As well as content people were also quite observant to processes too, Libby Harris’s mixed media portraits highlighting Klimt-like characteristics gained the attention of another girl who declared to her parents ‘you see real artists can use glitter too!’. Also I have noted before the continual fascination with the use of breezeblock carving, a man was pondering the towers of John Excell ‘I didn’t know you could do that with breezeblock’ he exclaimed.

“you see real artists can use glitter too!”

There was some interesting interactions between very young toddlers and their parents also, in some cases it seemed that parents were using the artwork as a kind of early learning activity.  In the artwork ‘Squirrel in the realm of the Green Goddess’ by Georgina Bowen a father points out in a storytelling fashion ‘look the fat squirrel has eaten all of the nuts’. In Christie Cassia’s ‘Twilight’ a mother exclaims ‘look she does wonderful things with the light ‘to which  the young child replies ‘Yes Mummy if you buy me some new pens I will draw it for you’. There were some wonderful moments too as two toddlers stood starring at Joan Scher’s magical landscape ‘Fantasia in Kent’. They stood and starred for at least 3 whole minutes and then uttered the words ‘Beaut-i –ful!’ and then walked away smiling.

“Beaut-i –ful”


“… if you buy me some new pens I will draw it for you”

The Sculpture seemed to provoke a lot of people wanting to touch it, I lost count the amount of times I overheard Parents telling their kids ‘not to touch’. The mixture of ceramic and salt dough pieces were plainly very tactile and alluring. One child remarked ‘Can we do some potty at home’ his mother corrects ‘it’s called pottery’. I was pleased to hear when another excited young boy announced ‘If I was rich I would have all of these in my garden!’.

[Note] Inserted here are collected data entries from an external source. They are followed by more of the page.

Variable A : 'M[int]_n.
Hypothesis A_signed : signed_adj A.
Hypothesis equitable : forall i j u w, u \in C i -> w \in C i ->
  netdeg A (C j) u = netdeg A (C j) w.
Hypothesis switchable : forall i v, v \in D -> exactly_one_case A (C i) v.

Definition Aq : 'M[rat]_n := map_mx intr A.

Lemma Aq_sym : Aq^T = Aq.
Proof.
by case: A_signed => A_sym _ _; apply/matrixP => x y; rewrite !mxE A_sym.
Qed.

Definition deg_into x j : rat := \sum_(w in C j) Aq x w.

Lemma deg_into_netdeg x j : deg_into x j = (netdeg A (C j) x)%:~R.
Proof.
case: A_signed => _ _ A_entries.
rewrite (netdeg_sum A_entries) rmorph_sum.
by apply: eq_bigr => w _; rewrite mxE.
Qed.

Lemma sum_col_deg_into i y : \sum_(u in C i) Aq u y = deg_into y i.
Proof. by apply: eq_bigr => u _; rewrite -{1}Aq_sym mxE. Qed.

Lemma block_pair_sum i j x : x \in C i ->
  \sum_(u in C i) \sum_(w in C j) Aq u w = #|C i|%:R * deg_into x j.
Proof.
move=> Cx; rewrite mulr_natl -sumr_const; apply: eq_bigr => u Cu.
by rewrite -/(deg_into u j) !deg_into_netdeg (equitable j Cu Cx).
Qed.

Lemma reflector_conj_CC i j x y : x \in C i -> y \in C j ->
  (reflector *m Aq *m reflector) x y = Aq x y.
Proof.
move=> Cx Cy; rewrite mul_mx_reflector (cell_C Cy).
under eq_bigr => w _ do rewrite mul_reflector_mx (cell_C Cx).
rewrite mul_reflector_mx (cell_C Cx) sumrB -mulr_sumr exchange_big /=.
rewrite -/(deg_into x j) sum_col_deg_into (block_pair_sum j Cx).
have cross : #|C j|%:R * deg_into y i = #|C i|%:R * deg_into x j.
  rewrite -(block_pair_sum i Cy) -(block_pair_sum j Cx) exchange_big /=.
  by apply: eq_bigr => w _; rewrite sum_col_deg_into.
rewrite (canRL (mulKf (card_C_neq0 j)) cross) /weight.
by field; rewrite !card_C_neq0.
Qed.

Lemma reflector_conj_DC j x y : x \in D -> y \in C j ->
  (reflector *m Aq *m reflector) x y = weight j * deg_into x j - Aq x y.
Proof.
move=> Dx Cy; rewrite mul_mx_reflector (cell_C Cy) mul_reflector_mx (cell_D Dx).
by under eq_bigr => w _ do rewrite mul_reflector_mx (cell_D Dx).
Qed.

Lemma reflector_conj_DD x y : x \in D -> y \in D ->
  (reflector *m Aq *m reflector) x y = Aq x y.
Proof.
move=> Dx Dy.
by rewrite mul_mx_reflector (cell_D Dy) mul_reflector_mx (cell_D Dx).
Qed.

(* The conjugated matrix is symmetric, which handles the C_j x D entries. *)
Lemma reflector_conj_sym :
  (reflector *m Aq *m reflector)^T = reflector *m Aq *m reflector.
Proof. by rewrite !trmx_mul reflector_sym Aq_sym mulmxA. Qed.

Lemma new_entry_cell j v y : y \in C j ->
  new_entry A C v y = switched_entry A (C j) v y.
Proof. by move=> Cy; rewrite /new_entry -/(cell y) (cell_C Cy). Qed.

Lemma new_entry_reflector j v y : v \in D -> y \in C j ->
  (new_entry A C v y)%:~R = weight j * deg_into v j - Aq v y.
Proof.
move=> Dv Cy; case: A_signed => _ _ A_entries.
have := switched_entry_sum A_entries (switchable j Dv) Cy.
rewrite -(new_entry_cell v Cy) deg_into_netdeg mxE /weight.
move=> /(congr1 (intr : int -> rat)); rewrite !intrM intrD mulrAC => <-.
by rewrite [_%:~R * _]mulrC mulfK ?card_C_neq0 ?addrK.
Qed.

Lemma reflector_conj_pi :
  reflector *m Aq *m reflector = map_mx intr (pi_matrix A C D).
Proof.
apply/matrixP => x y; rewrite [RHS]mxE /pi_matrix [in RHS]mxE.
have [Dx|[i Cx]] := cover x; have [Dy|[j Cy]] := cover y.
- by rewrite Dx Dy /= reflector_conj_DD // mxE.
- rewrite Dx (disjointFr (CD_disjoint j) Cy) /=.
  by rewrite (reflector_conj_DC Dx Cy) (new_entry_reflector Dx Cy).
- rewrite Dy (disjointFr (CD_disjoint i) Cx) /= -reflector_conj_sym mxE.
  by rewrite (reflector_conj_DC Dy Cx) (new_entry_reflector Dy Cx).
- rewrite (disjointFr (CD_disjoint i) Cx) (disjointFr (CD_disjoint j) Cy) /=.
  by rewrite (reflector_conj_CC Cx Cy) mxE.
Qed.

End PartitionReflection.

Theorem theorem3p2 (n t : nat) (A : 'M[int]_n)
    (C : 'I_t -> {set 'I_n}) (D : {set 'I_n}) :
  signed_adj A ->
  (* pi = {C_1,...,C_t,D} is a partition of V *)
  (forall i, C i != set0) ->
  (forall i j, i != j -> [disjoint C i & C j]) ->
  (forall i, [disjoint C i & D]) ->
  (forall x, x \in D \/ exists i, x \in C i) ->
  (* condition (1) *)
  (forall i j u w, u \in C i -> w \in C i -> netdeg A (C j) u = netdeg A (C j) w) ->
  (* condition (2) *)
  (forall i v, v \in D -> exactly_one_case A (C i) v) ->
  char_poly A = char_poly (pi_matrix A C D).
Proof.
move=> A_signed C_nonempty C_disjoint CD_disjoint cover equitable switchable.
apply: (@map_inj_poly _ _ (intr : int -> rat)); [exact: intr_inj | by rewrite rmorph0 |].
rewrite !map_char_poly -(reflector_conj_pi C_nonempty C_disjoint CD_disjoint
  cover A_signed equitable switchable).
by rewrite char_poly_involution_conj // reflector_involution.
Qed.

“Can we do some potty at home”

Strangely there was some confusion about there being two Dawn’s in the same exhibition, a couple enquired ‘Are Dawn Tomlin and Dawn Tonkin’s the same person? No I replied there are both different people. ‘So how can you tell them apart?’ they asked. I was a bit bemused by the question but explained Dawn Tomkins has pink hair. ‘Oh yes (replied the man) I can see that reflected in her work’ whilst moving closely towards the drawing ‘Sword with Dragon’. I then went on to explain that both artists along with Christie Cassisa had individually won the new ‘Jackie Inspired Award’  for their artistic commitment within the group.


“Are Dawn Tomlin and Dawn Tonkin’s the same person?”

Barbara French seems to be an artist well known and loved by the public, her realistic style of large landscape country scenes are clearly very appealing. A man comes scurrying in to the gallery with his wife and states ‘We’re too late for Barbra French, they always sell early’. Another man sadly confirms with me ‘are you sure that it’s sold?’

It was really nice to observe all of these comments; I entered into further short discussions regarding Centrepieces via the brochures on display (which quickly ran out). People genuinely seemed to engage in the idea of Mental Health being the driving factor of the group, one enthusiastic man said he would be keen to join and left his details.

Of course the normal exhibitions review process typically involves the utilisation of an exhibition comments book. But such books often seem to prompt overly praiseworthy limited reviews especially when a steward is so closely present. It is always good therefore to hear the first hand direct vocal responses of common recipients in all exhibitions, especially when it seems we are in the process of moving forward as an arts group and so keen to work positively and dynamically within the local community.

It would seem a variety of artworks command a variety of visitors. Long may Centrepieces exhibitions and artworks continue to stimulate and enthuse the public at large.